En concepto de responsabilidad civil el acusado indemnizará a Tiendas de Convivencia en la cantidad de 230,86 euros por el dinero sustraído".
Segundo: La parte apelante interesó se revocara la Sentencia apelada y se dictara otra por la cual se reduzca la entidad de la pena impuesta.
Tercero: El Ministerio Fiscal solicitó la confirmación de la resolución impugnada.
Hechos
Único: Se aceptan los relatados en la Sentencia apelada.
Fundamentos
Primero: El apelante asegura ha de aplicarse el tipo atenuado recogido en el artículo 242.4º del Código Penal . Afirma que el hecho reviste una entidad reducida, vista la suma sustraída y la intimidación efectuada.
Para dirimir la cuestión suscitada procede resumir la doctrina del Tribunal Supremo sobre ese subtipo privilegiado que ha quedado sintetizada en los siguientes términos ( SAP Madrid de 27-7-04 ):
Menor entidad de la violencia o intimidación, criterio principal, sin duda alguna, como se deduce de la expresión "además" que encabeza la referencia al otro criterio, y que por otro lado, tiene una mayor concreción y hace referencia, de los dos bienes jurídicos protegidos en esta clase de robos (personas y patrimonio), al más relevante de ellos: la libertad e integridad de la persona.
Además las restantes circunstancias del hecho, elemento de menor importancia que el primero, como ya se ha dicho, pero imprescindible para la aplicación del precepto, de modo que la sola consideración de la entidad de la violencia o intimidación no permite aplicar la rebaja en grado aquí previsto. Hay que examinar las otras circunstancias del hecho, indeterminadas en la propia norma y, por tanto, de muy variada condición:
o El lugar donde se roba: no es lo mismo hacerlo en la calle a un transeúnte que en un establecimiento comercial, y tampoco puede equipararse el robo en una pequeña tienda al que se comete contra una entidad bancaria.

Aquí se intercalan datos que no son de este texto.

Lemma sumR_const1 {A} (l : list A) : sumR (fun _ => 1) l = INR (length l).
Proof.
  induction l as [|a l IH]; [reflexivity|].
  rewrite sumR_cons, IH. simpl length. rewrite S_INR. lra.
Qed.

Definition indicator (b : bool) : R := if b then 1 else 0.

Lemma length_filter_sumR {A} (f : A -> bool) l :
  INR (length (filter f l)) = sumR (fun x => indicator (f x)) l.
Proof.
  induction l as [|a l IH]; [reflexivity|].
  rewrite sumR_cons, <- IH. simpl. unfold indicator.
  destruct (f a); simpl length; rewrite ?S_INR; lra.
Qed.

Lemma sumR_onehot {A} (eqA : A -> A -> bool) (eqA_spec : forall a b, eqA a b = true <-> a = b)
    (U : list A) (x : A) (f : A -> R) :
  NoDup U -> In x U -> sumR (fun v => indicator (eqA x v) * f v) U = f x.
Proof.
  induction U as [|u U IH]; intros Hnd Hin; [destruct Hin|].
  inversion Hnd as [|? ? Hu HU]; subst.
  rewrite sumR_cons. destruct (eqA x u) eqn:E.
  - apply eqA_spec in E; subst u.
    rewrite sumR_zero; [unfold indicator; ring|].
    intros v Hv. destruct (eqA x v) eqn:F; [apply eqA_spec in F; subst; contradiction|].
    unfold indicator; ring.
  - destruct Hin as [Hux|Hin]; [subst u; rewrite (proj2 (eqA_spec x x) eq_refl) in E; discriminate|].
    rewrite IH by auto. unfold indicator; ring.
Qed.

(** [cnt eqA Om Z w] is the number of samples in [Om] on which the random
    variable [Z] takes the same value as at [w]; with the uniform measure on
    [Om], the probability of [{Z = Z w}] is [cnt/|Om|]. *)
Definition cnt {W A} (eqA : A -> A -> bool) (Om : list W) (Z : W -> A) (w : W) : nat :=
  length (filter (fun w' => eqA (Z w') (Z w)) Om).

Lemma cnt_pos {W A} (eqA : A -> A -> bool) (Om : list W) (Z : W -> A) w :
  In w Om -> eqA (Z w) (Z w) = true -> 0 < INR (cnt eqA Om Z w).
Proof.
  intros Hw He. apply lt_0_INR. unfold cnt.
  assert (Hf : In w (filter (fun w' => eqA (Z w') (Z w)) Om)) by (apply filter_In; auto).
  destruct (filter _ Om); [destruct Hf | simpl; lia].
Qed.

Definition eq_pair {A B} (eqA : A -> A -> bool) (eqB : B -> B -> bool) (p q : A * B) : bool :=
  eqA (fst p) (fst q) && eqB (snd p) (snd q).

Lemma ln2_pos : 0 < ln 2.
Proof. pose proof ln_lt_2. lra. Qed.

Lemma ln_le_sub1 x : 0 < x -> ln x <= x - 1.
Proof. intros Hx. pose proof (exp_ineq1_le (ln x)) as H. rewrite exp_ln in H; lra. Qed.

Lemma log2_half_pow c : log2 ((/ 2) ^ c) = - INR c.
Proof.
  unfold log2. rewrite ln_pow, ln_Rinv by lra.
  pose proof ln2_pos. field. lra.
Qed.

(** Gibbs' inequality in counting form.  [X] and [Y] are random variables on
    the uniform sample space [Om], [q] is a sub-stochastic kernel from values
    of [Y] to values of [X] (supported on the enumeration [U] of possible
    values of [X]).  Then the conditional entropy of [X] given [Y], written as
    a sum of log-ratios of counts, is at most the cross entropy of [q]. *)
Section Gibbs.

Variables (W A B : Type) (eqA : A -> A -> bool) (eqB : B -> B -> bool).
Hypothesis eqA_spec : forall a b, eqA a b = true <-> a = b.
Hypothesis eqB_spec : forall a b, eqB a b = true <-> a = b.
Variables (Om : list W) (X : W -> A) (Y : W -> B) (U : list A) (q : A -> B -> R).
Hypothesis U_NoDup : NoDup U.
Hypothesis X_in_U : forall w, In w Om -> In (X w) U.
Hypothesis q_nonneg : forall x y, 0 <= q x y.
Hypothesis q_mass : forall y, sumR (fun x => q x y) U <= 1.

Let cY (w : W) : R := INR (cnt eqB Om Y w).
Let cXY (w : W) : R := INR (cnt (eq_pair eqA eqB) Om (fun w => (X w, Y w)) w).

Lemma eqA_refl a : eqA a a = true.
Proof. now apply eqA_spec. Qed.

Lemma eqB_sym a b : eqB a b = eqB b a.
Proof.
  destruct (eqB a b) eqn:E, (eqB b a) eqn:F; auto.
  - apply eqB_spec in E. subst. now rewrite <- F, (proj2 (eqB_spec b b) eq_refl).
  - apply eqB_spec in F. subst. now rewrite <- E, (proj2 (eqB_spec a a) eq_refl).
Qed.

(** On the event [{Y = y}], each value [x] of [X] is hit exactly [cXY] times,
    so the weights [q (X w) y / cXY w] add up to at most [sum_x q x y <= 1]. *)
Lemma fibre_mass y :
  sumR (fun w => indicator (eqB y (Y w)) * (q (X w) y / cXY w)) Om <= 1.
Proof.
  set (D := fun x => INR (length (filter (fun w => eqA (X w) x && eqB y (Y w)) Om))).
  assert (HD : forall w, eqB y (Y w) = true -> cXY w = D (X w)).
  { intros w E. apply eqB_spec in E. subst y. unfold cXY, D, cnt, eq_pair.
    do 2 f_equal. apply filter_ext. intros w'. simpl. now rewrite (eqB_sym (Y w)). }
  rewrite (sumR_ext _ (fun w => sumR (fun x => indicator (eqA (X w) x) *
                        (indicator (eqB y (Y w)) * (q x y / D x))) U)).
  2:{ intros w Hw. rewrite (sumR_onehot eqA eqA_spec) by auto.
      destruct (eqB y (Y w)) eqn:E; [now rewrite HD | unfold indicator; ring]. }
  rewrite sumR_swap. eapply Rle_trans; [|apply (q_mass y)]. apply sumR_le. intros x _.
  rewrite (sumR_ext _ (fun w => q x y / D x * indicator (eqA (X w) x && eqB y (Y w))))
    by (intros; destruct (eqA _ _), (eqB _ _); unfold indicator; simpl; ring).
  rewrite sumR_scal, <- length_filter_sumR. fold (D x).
  pose proof (q_nonneg x y).
  destruct (Req_dec (D x) 0) as [E|E]; [rewrite E; lra | right; field; auto].
Qed.

(** Summing [fibre_mass] over the values of [Y]: the likelihood ratio of [q]
    against the empirical conditional law has total mass at most [|Om|]. *)
Lemma ratio_mass : sumR (fun w => cY w * q (X w) (Y w) / cXY w) Om <= INR (length Om).
Proof.
  rewrite (sumR_ext _ (fun w => sumR (fun w' => indicator (eqB (Y w) (Y w')) *
                                          (q (X w) (Y w) / cXY w)) Om)).
  2:{ intros w _.
      rewrite (sumR_ext _ (fun w' => q (X w) (Y w) / cXY w * indicator (eqB (Y w') (Y w))))
        by (intros; rewrite eqB_sym; ring).
      rewrite sumR_scal. unfold cY, cnt. rewrite length_filter_sumR. unfold Rdiv. ring. }
  rewrite sumR_swap, <- sumR_const1. apply sumR_le. intros w' _.
  eapply Rle_trans; [|apply (fibre_mass (Y w'))]. right. apply sumR_ext. intros w _.
  rewrite (eqB_sym (Y w')). destruct (eqB (Y w) (Y w')) eqn:E; unfold indicator; [|ring].
  apply eqB_spec in E. rewrite E. ring.
Qed.
Lemma sum_codeg u : \sum_(v | v != u) codeg u v = \sum_(w | E u w) (deg w).-1.
Proof.
have total : \sum_v codeg u v = \sum_(w | E u w) deg w.
  under eq_bigr do rewrite codegE.
  rewrite (exchange_big_dep (E u)) => [|v w _ /andP []] //=.
  by apply: eq_bigr => w Euw; rewrite degE; apply: eq_bigl => v; rewrite Euw Esym.
have split_deg : \sum_(w | E u w) deg w = deg u + \sum_(w | E u w) (deg w).-1.
  rewrite degE -big_split /=; apply: eq_bigr => w Euw.
  by rewrite add1n prednK // (deg_gt0 Euw).
by move: total; rewrite (bigD1 u) //= split_deg /codeg setIid => /addnI.
Qed.

Lemma sum_codeg_ffact3_le :
  \sum_u \sum_(v | v != u) codeg u v ^_ 3 <=
  \sum_u \sum_(w | E u w) (deg u).-1 * (deg u).-2 * (deg w).-1.
Proof.
apply: leq_sum => u _; rewrite -big_distrr -sum_codeg big_distrr /=.
by apply: leq_sum => v _; apply/ffact3_le/subset_leq_card/subsetIl.
Qed.

Hypothesis no_triangle : forall x y z, E x y -> E y z -> E z x -> False.

Lemma codeg_edge0 a b : E a b -> codeg a b = 0.
Proof.
move=> Eab; apply/eqP; rewrite cards_eq0; apply/eqP/setP => w; rewrite !inE.
by apply/negP => /andP [Eaw Ebw]; apply: (no_triangle Eab Ebw); rewrite Esym.
Qed.
Lemma leq_lg x y : x <= y -> lg x <= lg y.
Proof. by move=> le_xy; apply: leq_trunc_log; lia. Qed.

Lemma INR_expn m k : INR (m ^ k) = pow (INR m) k.
Proof. by elim: k => [|k IHk] //; rewrite expnS mult_INR IHk. Qed.

Lemma ln_le x y : Rlt 0 x -> Rle x y -> Rle (ln x) (ln y).
Proof.
move=> x_gt0 /Rle_lt_or_eq_dec [lt_xy|->]; last exact: Rle_refl.
by apply: Rlt_le; apply: ln_increasing.
Qed.

Lemma INR_lg_le_logm x : Rle (INR (lg x)) (logm (INR x)).
Proof.
have ln2_gt0 : Rlt 0 (ln (INR 2)) by rewrite -ln_1; apply: ln_increasing; simpl; lra.
have pow_le : 2 ^ lg x <= maxn 2 x by apply: trunc_logP; lia.
have max_le : Rle (INR (maxn 2 x)) (Rmax (INR 2) (INR x)).
  by rewrite /maxn; case: ifP => _; [apply: Rmax_r | apply: Rmax_l].
apply: (Rmult_le_reg_r (ln (INR 2))) => //.
rewrite /logm /Rdiv Rmult_assoc Rinv_l ?Rmult_1_r; last lra.
rewrite -ln_pow -?INR_expn; last by simpl; lra.
apply: ln_le; first by apply: lt_0_INR; apply/ltP; rewrite expn_gt0.
exact: Rle_trans (le_INR _ _ (elimT leP pow_le)) max_le.
Qed.

Lemma sum_dist_dyadic_tree_le n K a b : n < 2 ^ K -> 0 < a <= n -> 0 < b <= n ->
  \sum_(0 <= s < 2 ^ K) (dT (dyadic_tree s n K.+1 0) a b).+1 <= 2 ^ K * (9 * lg (absdiff a b)).
Proof.
move=> n_lt a_rng b_rng.
have := sum_dT_dyadic_tree_le n_lt a_rng b_rng (ltn_expn_lg (absdiff a b)).
have := lg_gt0 (absdiff a b).
have -> : \sum_(0 <= s < 2 ^ K) (dT (dyadic_tree s n K.+1 0) a b).+1 =
          \sum_(0 <= s < 2 ^ K) dT (dyadic_tree s n K.+1 0) a b + 2 ^ K.
  rewrite (eq_bigr (fun s => dT (dyadic_tree s n K.+1 0) a b + 1)) => [|s _]; last exact/esym/addn1.
  by rewrite big_split /= sum_nat_const_nat subn0 muln1.
nia.
Qed.

Lemma foldr_map_closed (I : eqType) (T : Type) (P : T -> Prop) (op : T -> T -> T)
    (f : I -> T) h (s : seq I) :
  (forall x y, P x -> P y -> P (op x y)) -> P h -> (forall i, i \in s -> P (f i)) ->
  P (foldr op h (map f s)).
Proof.
move=> P_op P_h; elim: s => [|i s IHs] //= P_s.
apply: P_op; first by apply: P_s; rewrite mem_head.
by apply: IHs => j j_s; apply: P_s; rewrite inE j_s orbT.
Qed.

Lemma nmin_le (s : seq nat) x : x \in s -> nmin s <= x.
Proof.
rewrite /nmin; elim: s (head 0 s) => [|y s IHs] h //=.
rewrite inE => /orP [/eqP ->|/(IHs h) le_x]; first exact: geq_minl.
exact: leq_trans (geq_minr _ _) le_x.
Qed.

Lemma nmin_map_attained (I : eqType) (f : I -> nat) (s : seq I) : s != [::] ->
  exists2 i, i \in s & nmin (map f s) = f i.
Proof.
case: s => [|i0 s] // _; rewrite /nmin.
apply: (foldr_map_closed (P := fun r => exists2 i, i \in i0 :: s & r = f i)).
- move=> _ _ [i i_s ->] [j j_s ->]; case: (leqP (f i) (f j)) => [le_ij|/ltnW le_ji].
  + by exists i => //; apply/esym/minn_idPl.
  + by exists j => //; apply/esym/minn_idPr.
- by exists i0; rewrite ?mem_head.
- by move=> i i_s; exists i.
Qed.

Lemma rmin_map_attained (I : eqType) (f : I -> R) (s : seq I) : s != [::] ->
  exists2 i, i \in s & rmin (map f s) = f i.
Proof.
case: s => [|i0 s] // _; rewrite /rmin.
apply: (foldr_map_closed (P := fun r => exists2 i, i \in i0 :: s & r = f i)).
- by move=> x y; apply: (@Rmin_case x y (fun r => exists2 i, i \in i0 :: s & r = f i)).
- by exists i0; rewrite ?mem_head.
- by move=> i i_s; exists i.
Qed.

Lemma INR_nmin_le_rmin (I : eqType) (f : I -> nat) (g : I -> R) (s : seq I) :
  (forall i, i \in s -> Rle (INR (f i)) (g i)) -> Rle (INR (nmin (map f s))) (rmin (map g s)).
Proof.
have [->|s_nz] := eqVneq s [::]; first by move=> _; apply: Rle_refl.
move=> le_fg; have [i i_s ->] := rmin_map_attained g s_nz.
apply: Rle_trans (le_fg i i_s); apply: le_INR; apply/leP.
exact/nmin_le/map_f.
Qed.

Lemma exists_le_average (f : nat -> nat) N B :
  \sum_(0 <= s < N) f s <= N * B -> 0 < N -> exists2 s, s < N & f s <= B.
Proof.
move=> sum_le N_gt0.
have [/hasP [s]|/hasPn all_gt] := boolP (has (fun s => f s <= B) (iota 0 N)).
  by rewrite mem_iota => s_lt le_B; exists s.
have : \sum_(0 <= s < N) B.+1 <= \sum_(0 <= s < N) f s.
  by apply: leq_sum_nat => s s_lt; rewrite ltnNge all_gt // mem_iota.
by rewrite sum_nat_const_nat subn0; lia.
Qed.

Lemma exists_minimizer (A : Type) (P : A -> Prop) (D : A -> nat) a : P a ->
  exists2 b, P b & forall b', P b' -> D b <= D b'.
Proof.
move=> P_a; have [k [[[b [P_b <-]] least] _]] :=
  dec_inh_nat_subset_has_unique_least_element (fun k => exists b, P b /\ D b = k)
    (fun k => classic _) (ex_intro _ (D a) (ex_intro _ a (conj P_a erefl))).
by exists b => // b' P_b'; apply/leP; apply: least; exists b'.
Qed.

Definition lgUB (l n : nat) (X : seq nat) : nat :=
  \sum_(1 <= t < (size X).+1)
    (if t == 1 then lg n
     else nmin [seq lg (absdiff (acc X t) (acc X t') + rho X t (acc X t'))
               | t' <- iota (maxn 1 (t - l)) (t - maxn 1 (t - l))]).

Lemma INR_lgUB_le_UB l n X : Rle (INR (lgUB l n X)) (UB l n X).
Proof.
rewrite /lgUB /UB; apply: (big_rec2 (fun x y => Rle (INR x) y)); first exact: Rle_refl.
move=> t x y _ le_xy; rewrite plus_INR; apply: Rplus_le_compat => //.
case: eqP => _; first exact: INR_lg_le_logm.
by apply: INR_nmin_le_rmin => t' _; apply: INR_lg_le_logm.
Qed.

Lemma sum_DistTree_dyadic_tree_le l n X : 0 < l -> all (fun x => (1 <= x) && (x <= n)) X ->
  \sum_(0 <= s < 2 ^ (lg n).+1) DistTree l (dyadic_tree s n (lg n).+2 0) X
    <= 2 ^ (lg n).+1 * (9 * lgUB l n X).
Proof.
move=> l_gt0 /allP X_rng; set K := (lg n).+1.
have n_lt : n < 2 ^ K := ltn_expn_lg n.
have acc_rng i : 0 < i <= size X -> 0 < acc X i <= n.
  move=> i_rng; have i_lt : i.-1 < size X by lia.
  exact: X_rng _ (mem_nth 0 i_lt).
rewrite /DistTree /lgUB exchange_big_nat /= 2!big_distrr /=.
apply: leq_sum_nat => i /andP [i_gt0 i_le].
case: eqP => [->|/eqP i_neq1].
- have root_in : 0 \in iota (1 - l) (1 - (1 - l)) by rewrite mem_iota; lia.
  apply: leq_trans (leq_sum_nat (G := fun => (2 * K.+1).+1) _) _.
    move=> s _; apply: leq_trans (nmin_le (map_f _ root_in)) _.
    rewrite ltnS; apply: leq_trans (dT_le_height _ _ _) _.
    by rewrite leq_mul2l; apply: (height_dyadic_tree s n K.+1 0).
  by rewrite sum_nat_const_nat subn0 leq_mul2l; have := lg_gt0 n; lia.
have window_nz : iota (maxn 1 (i - l)) (i - maxn 1 (i - l)) != [::].
  by rewrite -size_eq0 size_iota; lia.
have [t t_in ->] := nmin_map_attained
  (fun t => lg (absdiff (acc X i) (acc X t) + rho X i (acc X t))) window_nz.
move: (t_in); rewrite mem_iota => t_rng.
have t_in' : t \in iota (i - l) (i - (i - l)) by rewrite mem_iota; lia.
apply: leq_trans (leq_sum_nat
  (G := fun s => (dT (dyadic_tree s n K.+1 0) (acc X i) (acc X t)).+1) _) _.
  move=> s _; apply: leq_trans (nmin_le (map_f _ t_in')) _.
  have [i_nz t_nz] : i != 0 /\ t != 0 by split; lia.
  by rewrite /Defs.xt (negbTE i_nz) (negbTE t_nz).
apply: leq_trans (sum_dist_dyadic_tree_le n_lt (acc_rng i _) (acc_rng t _)) _; try lia.
by rewrite !leq_mul2l leq_lg ?leq_addr ?orbT.
Qed.

Theorem lemma8 :
  exists c : R, Rlt R0 c /\
    forall (l n m : nat) (X : seq nat),
      1 <= l -> n <= m -> size X = m ->
      all (fun x => (1 <= x) && (x <= n)) X ->
      exists T : tree, is_bst_on n T /\
        (forall T' : tree, is_bst_on n T' -> DistTree l T X <= DistTree l T' X) /\
        Rle (INR (DistTree l T X)) (Rmult c (UB l n X)).
Proof.
exists (INR 9); split; first by apply: lt_0_INR; apply/ltP.
move=> l n m X l_gt0 _ _ X_rng.
have [s s_lt good_s] := exists_le_average
  (sum_DistTree_dyadic_tree_le l_gt0 X_rng) (expn_gt0 2 (lg n).+1).
have bst_s := is_bst_on_dyadic_tree (ltn_expn_lg n) s_lt.
have [T bst_T opt_T] := exists_minimizer (fun T => DistTree l T X) bst_s.
exists T; split => //; split => //.
apply: Rle_trans (Rmult_le_compat_l _ _ _ (pos_INR 9) (INR_lgUB_le_UB l n X)).
rewrite -mult_INR; apply/le_INR/leP.
exact: leq_trans (opt_T _ bst_s) good_s.
Qed.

o Con relación al sujeto activo, habrá de considerar si se trata de una persona o si hubo un grupo de coautores, así como, en su caso, la forma de actuación de ese grupo y si se hallaba más o menos organizado.
o Asimismo podrá considerarse el número de las personas atracadas y su condición en orden a su situación económica o a las mayores o menores posibilidades de defenderse.
o La experiencia nos dice que de todas estas restantes circunstancias del hecho, la que con mayor frecuencia se nos presenta para decidir si se aplica o no esta norma jurídica, es el valor de lo sustraído, de modo que ha de excluirse esta aplicación cuando tal valor alcanza cierta cuantía que, desde luego, no cabe determinar en una cifra concreta, pues habrá de variar según esas otras circunstancias antes indicadas o cualesquiera otras que pudieran conferir al hecho mayor o menor antijuricidad.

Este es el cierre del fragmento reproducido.